The more subtle approach is to identify things you don't need to do (needless
initializations, "settle" delays, doing (or allowing to be done) the _wrong_
thing requiring both unwinding that operation _and_ doing the right one, and
anything you don't have to wait for (if it's an ancillary process, spin it off
and handle it out-of-sequence). Redesigning a process to avoid sorting data.
Eliminating global locks. Spinning off tasks to parallelized processing
(especially if you have multiple cores/systems available. Pipelining data to
avoid writing/reading from disk multiple times. Handling data in memory rather
than on disk. Realizing you _can_ handle data in-memory, and that disk-seeks
will kill you, so sorting or bucketing output. Swapping spinning rust for SSD.
Specific tools such as COW, snapshots, or the like can be very useful in such
cases.

Algorithms (or methods invoking algorithms) can be another big win.

I've seen processes fall in time requirements by 90% following such an
optimization process.

------
aaronbrethorst
Semi-related: <http://www.paulgraham.com/schlep.html>

Too many people are unwilling to do the hard thing. Probably because their
"goal [is] business for the sake of business
(<http://al3x.net/2013/05/23/letter-to-a-young-programmer.html>)

------
obviouslygreen
This seems like a couple of nice anecdotes thrown together due to an
unfortunate preoccupation with a barely-related cliche.

The way I'm reading it, the point is to concentrate on your product and making
it, in reality, better than the product(s) of your competitor(s) rather
than... pivoting? Building a different product? Making your product into
something else? Changing your target audience? I guess the only real lesson
I'm taking away here is that "if you have product, sell it; if it sucks, make
it better." Not exactly groundbreaking, though certainly true.

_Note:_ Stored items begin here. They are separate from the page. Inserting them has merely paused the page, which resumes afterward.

(* Let $C=(C,\sup_C)$ be a $P$-algebra, $(E,e)$ a fibered $P$-algebra over $C$, and $(f,\bar f),(g,\bar g)$ two $P$-algebra sections of $(E,e)$. Then the canonical function $\mathsf{Id}\big((f,\bar f),(g,\bar g)\big)\to\mathsf{AlgSecHot}\big((f,\bar f),(g,\bar g)\big)$ (defined by path induction, sending $\mathsf{refl}$ to the constant homotopy together with the evident coherence) is an equivalence of types.
   Context: We work in the intensional Martin-Löf type theory $\mathcal H$ ($\Sigma$, $\Pi$, identity types, a universe $\mathsf U$ à la Russell closed under these, judgemental $\eta$ for $\Pi$, function extensionality; no identity reflection, K or UIP). For paths $p:\mathsf{Id}(a,b)$, $q:\mathsf{Id}(b,c)$, $q\cdot p:\mathsf{Id}(a,c)$ is their composite. For a path $p:\mathsf{Id}(f,g)$ between (dependent) functions, $\mathsf{ext}\,p:(\Pi x)\mathsf{Id}(fx,gx)$ is the associated homotopy; for a homotopy $\alpha$, $\int\alpha$ is the path given by function extensionality. $\mathsf{Hot}(f,g)=(\Pi x)\mathsf{Id}(fx,gx)$. Fix $A:\mathsf U$, $B:A\to\mathsf U$. For $C:\mathsf U$, $PC=(\Sigma x:A)(B(x)\to C)$. A $P$-algebra is $(C,\sup_C)$ with $C:\mathsf U$, $\sup_C:PC\to C$. A fibered $P$-algebra over $C$ is $(E,e)$ with $E:C\to\mathsf U$ and $e:(\Pi x:A)(\Pi u:B(x)\to C)((\Pi y:B(x))E(uy))\to E(\sup_C(x,u))$. For $f:(\Pi z:C)E(z)$ let $e_f=(\lambda x)(\lambda u)\,e(x,u,f\circ u)$ and $f\,\sup_C=(\lambda x)(\lambda u)\,f(\sup_C(x,u))$. A $P$-algebra section of $(E,e)$ is $(f,\bar f)$ with $f:(\Pi z:C)E(z)$ and $\bar f:\mathsf{Id}(f\,\sup_C,e_f)$; write $(\mathsf{ext}\,\bar f)_{x,u}:\mathsf{Id}(f(\sup_C(x,u)),e(x,u,f\circ u))$ for its components. For $\alpha:\mathsf{Hot}(f,g)$ and $u:B(x)\to C$ let $\int\alpha_u:\mathsf{Id}(f\circ u,g\circ u)$ be the path associated to the homotopy $(\lambda y)\alpha_{uy}$, and $e(x,u,\int\alpha_u):\mathsf{Id}(e(x,u,f\circ u),e(x,u,g\circ u))$ its image under $e(x,u,-)$. Then $\mathsf{AlgSecHot}((f,\bar f),(g,\bar g))=(\Sigma\alpha:\mathsf{Hot}(f,g))(\Pi x:A)(\Pi u:B(x)\to C)\,\mathsf{Id}\big(e(x,u,\int\alpha_u)\cdot(\mathsf{ext}\,\bar f)_{x,u},\ (\mathsf{ext}\,\bar g)_{x,u}\cdot\alpha_{\sup_C(x,u)}\big)$. *)

(** Identity types of intensional MLTT (Type-valued, so not Rocq's Prop-valued [eq]). *)
Inductive paths {X : Type} (a : X) : X -> Type := idpath : paths a a.
Arguments idpath {X a}.

(** Composition, written diagrammatically: [concat p q] is the paper's [q · p]. *)
Definition concat {X : Type} {a b c : X} (p : paths a b) (q : paths b c) : paths a c :=
  match q in paths _ c' return paths a c' with idpath => p end.

Definition inv {X : Type} {a b : X} (p : paths a b) : paths b a :=
  match p in paths _ b' return paths b' a with idpath => idpath end.

Definition ap {X Y : Type} (h : X -> Y) {a b : X} (p : paths a b) : paths (h a) (h b) :=
  match p in paths _ b' return paths (h a) (h b') with idpath => idpath end.

Definition Hot {X : Type} {Y : X -> Type} (f g : forall x, Y x) : Type :=
  forall x, paths (f x) (g x).

Definition ext {X : Type} {Y : X -> Type} {f g : forall x, Y x} (p : paths f g) : Hot f g :=
  match p in paths _ g' return Hot f g' with idpath => fun x => idpath end.

Definition IsEquiv {X Y : Type} (h : X -> Y) : Type :=
  ({ l : Y -> X & forall x, paths (l (h x)) x } *
   { r : Y -> X & forall y, paths (h (r y)) y })%type.

Definition Funext : Type :=
  forall (X : Type) (Y : X -> Type) (f g : forall x, Y x), IsEquiv (@ext X Y f g).

Definition integ (fe : Funext) {X : Type} {Y : X -> Type} {f g : forall x, Y x}
  (alpha : Hot f g) : paths f g :=
  projT1 (fst (fe X Y f g)) alpha.

Definition integ_refl (fe : Funext) {X : Type} {Y : X -> Type} (f : forall x, Y x) :
  paths (integ fe (fun x => @idpath _ (f x))) idpath :=
  projT2 (fst (fe X Y f f)) idpath.

Definition concat_1p {X : Type} {a b : X} (p : paths a b) : paths (concat idpath p) p :=
  match p in paths _ b' return paths (concat idpath p) p with idpath => idpath end.

Definition concat_ap_trivial {X Y : Type} (h : X -> Y) {y0 : Y} {a : X}
  (p : paths y0 (h a)) (q : paths a a) (H : paths q idpath) :
  paths (concat p (ap h q)) p.
Proof.
  destruct (inv H). exact idpath.
Defined.

(** [f sup_C] and [e_f] as elements of (Π x:A)(Π u:B x -> C) E(sup_C(x,u)). *)
Definition fsup {A : Type} {B : A -> Type} {C : Type}
  (supC : {x : A & B x -> C} -> C) {E : C -> Type} (f : forall z, E z) :
  forall (x : A) (u : B x -> C), E (supC (existT _ x u)) :=
  fun x u => f (supC (existT _ x u)).

Definition e_of {A : Type} {B : A -> Type} {C : Type}
  (supC : {x : A & B x -> C} -> C) {E : C -> Type}
  (e : forall (x : A) (u : B x -> C), (forall y, E (u y)) -> E (supC (existT _ x u)))
  (f : forall z, E z) :
  forall (x : A) (u : B x -> C), E (supC (existT _ x u)) :=
  fun x u => e x u (fun y => f (u y)).

Definition AlgSec {A : Type} {B : A -> Type} {C : Type}
  (supC : {x : A & B x -> C} -> C) (E : C -> Type)
  (e : forall (x : A) (u : B x -> C), (forall y, E (u y)) -> E (supC (existT _ x u))) : Type :=
  { f : forall z, E z & paths (fsup supC f) (e_of supC e f) }.

Definition ext2 {A : Type} {B : A -> Type} {D : forall x : A, B x -> Type}
  {h k : forall (x : A) (u : B x), D x u}
  (p : paths h k) (x : A) (u : B x) : paths (h x u) (k x u) :=
  ext (ext p x) u.

Definition AlgSecHot (fe : Funext) {A : Type} {B : A -> Type} {C : Type}
  (supC : {x : A & B x -> C} -> C) (E : C -> Type)
  (e : forall (x : A) (u : B x -> C), (forall y, E (u y)) -> E (supC (existT _ x u)))
  (F G : AlgSec supC E e) : Type :=
  { alpha : Hot (projT1 F) (projT1 G) &
    forall (x : A) (u : B x -> C),
      paths (concat (ext2 (projT2 F) x u)
                    (ap (e x u) (integ fe (fun y => alpha (u y)))))
            (concat (alpha (supC (existT _ x u))) (ext2 (projT2 G) x u)) }.

Definition AlgSecHot_refl (fe : Funext) {A : Type} {B : A -> Type} {C : Type}
  (supC : {x : A & B x -> C} -> C) (E : C -> Type)
  (e : forall (x : A) (u : B x -> C), (forall y, E (u y)) -> E (supC (existT _ x u)))
  (F : AlgSec supC E e) : AlgSecHot fe supC E e F F.
Proof.
  exists (fun z => idpath).
  intros x u.
  exact (concat
           (concat_ap_trivial (e x u) (ext2 (projT2 F) x u) _
              (integ_refl fe (fun y => projT1 F (u y))))
           (inv (concat_1p (ext2 (projT2 F) x u)))).
Defined.

Definition idtoalgsechot (fe : Funext) {A : Type} {B : A -> Type} {C : Type}
  (supC : {x : A & B x -> C} -> C) (E : C -> Type)
  (e : forall (x : A) (u : B x -> C), (forall y, E (u y)) -> E (supC (existT _ x u)))
  (F G : AlgSec supC E e) (p : paths F G) : AlgSecHot fe supC E e F G :=
  match p in paths _ G' return AlgSecHot fe supC E e F G' with
  | idpath => AlgSecHot_refl fe supC E e F
  end.


(* By the fundamental theorem of identity types it suffices that the total space
   Σ G, AlgSecHot F G is contractible.  Reassociating, it is the total space over
   Σ (g, α : Hot f g), which is contractible with centre (f, refl), of the types of
   pairs (ḡ, coherence).  Over the centre the coherence says that ext ḡ and ext f̄
   agree componentwise, and pairs (ḡ, ext ḡ ~ ext f̄) form a contractible type by
   function extensionality once more. *)

Definition Contr (X : Type) : Type := {c : X & forall x, paths c x}.

Definition transport {X : Type} (P : X -> Type) {a b : X} (p : paths a b) (u : P a) : P b :=
  match p in paths _ b' return P b' with idpath => u end.

Definition Retract (T S : Type) : Type :=
  {r : S -> T & {s : T -> S & forall t, paths (r (s t)) t}}.

Lemma idpath_eq_concat_Vp {X : Type} {a b : X} (p : paths a b) : paths idpath (concat (inv p) p).
Proof. destruct p. exact idpath. Defined.

Definition path_contr {X : Type} (H : Contr X) (a b : X) : paths a b :=
  concat (inv (projT2 H a)) (projT2 H b).

Lemma contr_retract {T S : Type} : Retract T S -> Contr S -> Contr T.
Proof.
  intros [r [s rs]] [c hc]. exists (r c). intro t.
  exact (concat (ap r (hc (s t))) (rs t)).
Defined.

Lemma contr_basedpaths {X : Type} (a : X) : Contr {b : X & paths a b}.
Proof. exists (existT _ a idpath). intros [b p]. destruct p. exact idpath. Defined.

Lemma retract_sigma {X : Type} {P Q : X -> Type} :
  (forall x, Retract (P x) (Q x)) -> Retract {x & P x} {x & Q x}.
Proof.
  intro R.
  exists (fun w => existT _ (projT1 w) (projT1 (R _) (projT2 w))).
  exists (fun w => existT _ (projT1 w) (projT1 (projT2 (R _)) (projT2 w))).
  intros [x p]. exact (ap (existT _ x) (projT2 (projT2 (R x)) p)).
Defined.

Lemma contr_sigma_contr_base {X : Type} {P : X -> Type} (x0 : X) :
  Contr X -> Contr (P x0) -> Contr {x & P x}.
Proof.
  intros HX. apply contr_retract.
  exists (fun p => existT P x0 p).
  exists (fun w => transport P (path_contr HX (projT1 w) x0) (projT2 w)).
  intros [x p]. simpl. generalize (path_contr HX x x0). intro q. destruct q. exact idpath.
Defined.

Lemma retract_paths_conj {X : Type} {a a' b b' : X} (ea : paths a' a) (eb : paths b' b) :
  Retract (paths a' b') (paths a b).
Proof.
  exists (fun t => concat (concat ea t) (inv eb)).
  exists (fun t => concat (concat (inv ea) t) eb).
  intro t. destruct ea, eb, t. exact idpath.
Defined.

Section FundamentalTheorem.

Variables (K : Type) (h : K) (Y : K -> Type) (phi : forall k, paths h k -> Y k).
Hypothesis total_contr : Contr {k & Y k}.

Definition fundamental_inv (k : K) (y : Y k) : paths h k :=
  ap (@projT1 _ _) (path_contr total_contr (existT Y h (phi h idpath)) (existT Y k y)).

Lemma fiberwise_ap_projT1 (w : {k & Y k}) (q : paths (existT Y h (phi h idpath)) w) :
  paths (phi (projT1 w) (ap (@projT1 _ _) q)) (projT2 w).
Proof. destruct q. exact idpath. Defined.

Lemma fundamental_sect (k : K) (y : Y k) : paths (phi k (fundamental_inv k y)) y.
Proof. exact (fiberwise_ap_projT1 (existT Y k y) _). Defined.

Lemma fundamental_retr (k : K) (p : paths h k) : paths (fundamental_inv k (phi k p)) p.
Proof.
  destruct p. unfold fundamental_inv, path_contr.
  exact (ap (ap (@projT1 _ _))
           (inv (idpath_eq_concat_Vp (projT2 total_contr (existT Y h (phi h idpath)))))).
Defined.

If the desire was to communicate something more general, taking it out of the
context of existing product-based businesses with market share _and_
competitors would probably be necessary (but would have probably killed the
anecdotes... which is why I'm guessing the article didn't really get off the
ground in this regard).

So yeah, it's mostly true... but where it is, it's sort of trivially so.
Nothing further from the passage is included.